> Assigned task:
All lines of the entries with "split" in them must be listed.

=======

Lemma zero_dim_tfae :
  (unif_zero_dim (@leftUnif G) <-> strongly_zero_dim_at (@leftUnif G) E) /\
  (strongly_zero_dim_at (@leftUnif G) E <-> strongly_zero_dim (@leftUnif G)) /\
  (strongly_zero_dim (@leftUnif G) <-> open_subgroups_local_base G).
Proof.
  assert (iii_ii : strongly_zero_dim (@leftUnif G) -> strongly_zero_dim_at (@leftUnif G) E)
    by (intros H; apply H).
  pose proof zero_dim_strongly_at_e. pose proof local_base_of_strongly_at_e.
  pose proof strongly_of_local_base. pose proof zero_dim_of_local_base.
  repeat split; auto.
Qed.

End LeftUniformity.

Definition left_uniformity_statement (G : TopGroup) : Prop :=
  (forall U : G -> G -> Prop, leftUnif U -> is_equivalence U ->
      open_subgroup (capL U) /\ subrel (relL (capL U)) U) /\
  ((forall A, open_subgroup A -> Ueq (@leftUnif G) (relL A)) /\
   (forall U, Ueq (@leftUnif G) U -> exists A, open_subgroup A /\ subrel (relL A) U)) /\
  ((unif_zero_dim (@leftUnif G) <-> strongly_zero_dim_at (@leftUnif G) (e G)) /\
   (strongly_zero_dim_at (@leftUnif G) (e G) <-> strongly_zero_dim (@leftUnif G)) /\
   (strongly_zero_dim (@leftUnif G) <-> open_subgroups_local_base G)).

Lemma left_uniformity_holds (G : TopGroup) : left_uniformity_statement G.
Proof.
  split; [exact (@capL_open_subgroup G) |].
  split; [split; [exact (@open_subgroup_Ueq G) | exact (@Ueq_open_subgroup G)] |].
  exact (zero_dim_tfae G).
Qed.

(* In the opposite group, relL, capL and leftUnif are convertible to relR, capR
   and rightUnif of G, while the topology is unchanged. *)
Definition opp_group (G : TopGroup) : TopGroup.
Proof.
  refine (@Build_TopGroup (carrier G) (fun x y => mul G y x) (@inv G) (e G) (@is_open G)
            _ _ _ (open_full G) (open_inter G) (open_union G) _ (inv_cont G)).
  - intros x y z. symmetry. apply mulA.
  - apply mulg1.
  - apply mulgV.
  - intros x y W Wo Wyx. destruct (mul_cont G y x W Wo Wyx) as [U [V [Uo [Uy [Vo [Vx UVW]]]]]].
    exists V, U. repeat split; auto.
Defined.

Lemma open_subgroup_opp (G : TopGroup) : @open_subgroup (opp_group G) = @open_subgroup G.
Proof.
  apply functional_extensionality. intros A. apply propositional_extensionality.
  unfold open_subgroup, subgroup. simpl. split; intros [[A1 [AM AV]] Ao];
    repeat split; auto.
Qed.

Lemma local_base_opp (G : TopGroup) :
  open_subgroups_local_base (opp_group G) = open_subgroups_local_base G.
Proof.
  unfold open_subgroups_local_base. rewrite open_subgroup_opp. reflexivity.
Qed.

Theorem mainTheorem15 (G : TopGroup) :
  (* left uniformity *)
  ((forall U : G -> G -> Prop, leftUnif U -> is_equivalence U ->
      open_subgroup (capL U) /\ subrel (relL (capL U)) U) /\
   ((forall A, open_subgroup A -> Ueq (@leftUnif G) (relL A)) /\
    (forall U, Ueq (@leftUnif G) U -> exists A, open_subgroup A /\ subrel (relL A) U)) /\
   ((unif_zero_dim (@leftUnif G) <-> strongly_zero_dim_at (@leftUnif G) (e G)) /\
    (strongly_zero_dim_at (@leftUnif G) (e G) <-> strongly_zero_dim (@leftUnif G)) /\
    (strongly_zero_dim (@leftUnif G) <-> open_subgroups_local_base G))) /\
  (* right uniformity *)
  ((forall U : G -> G -> Prop, rightUnif U -> is_equivalence U ->
      open_subgroup (capR U) /\ subrel (relR (capR U)) U) /\
   ((forall A, open_subgroup A -> Ueq (@rightUnif G) (relR A)) /\
    (forall U, Ueq (@rightUnif G) U -> exists A, open_subgroup A /\ subrel (relR A) U)) /\
   ((unif_zero_dim (@rightUnif G) <-> strongly_zero_dim_at (@rightUnif G) (e G)) /\
    (strongly_zero_dim_at (@rightUnif G) (e G) <-> strongly_zero_dim (@rightUnif G)) /\
    (strongly_zero_dim (@rightUnif G) <-> open_subgroups_local_base G))).
Proof.
  split; [exact (left_uniformity_holds G) |].
  pose proof (left_uniformity_holds (opp_group G)) as right.
  unfold left_uniformity_statement in right.
  rewrite open_subgroup_opp, local_base_opp in right.
  exact right.
Qed.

=======

> Written answer:
  repeat split; auto.
  split; [exact (@capL_open_subgroup G) |].
  split; [split; [exact (@open_subgroup_Ueq G) | exact (@Ueq_open_subgroup G)] |].
    exists V, U. repeat split; auto.
  unfold open_subgroup, subgroup. simpl. split; intros [[A1 [AM AV]] Ao];
    repeat split; auto.
  split; [exact (left_uniformity_holds G) |].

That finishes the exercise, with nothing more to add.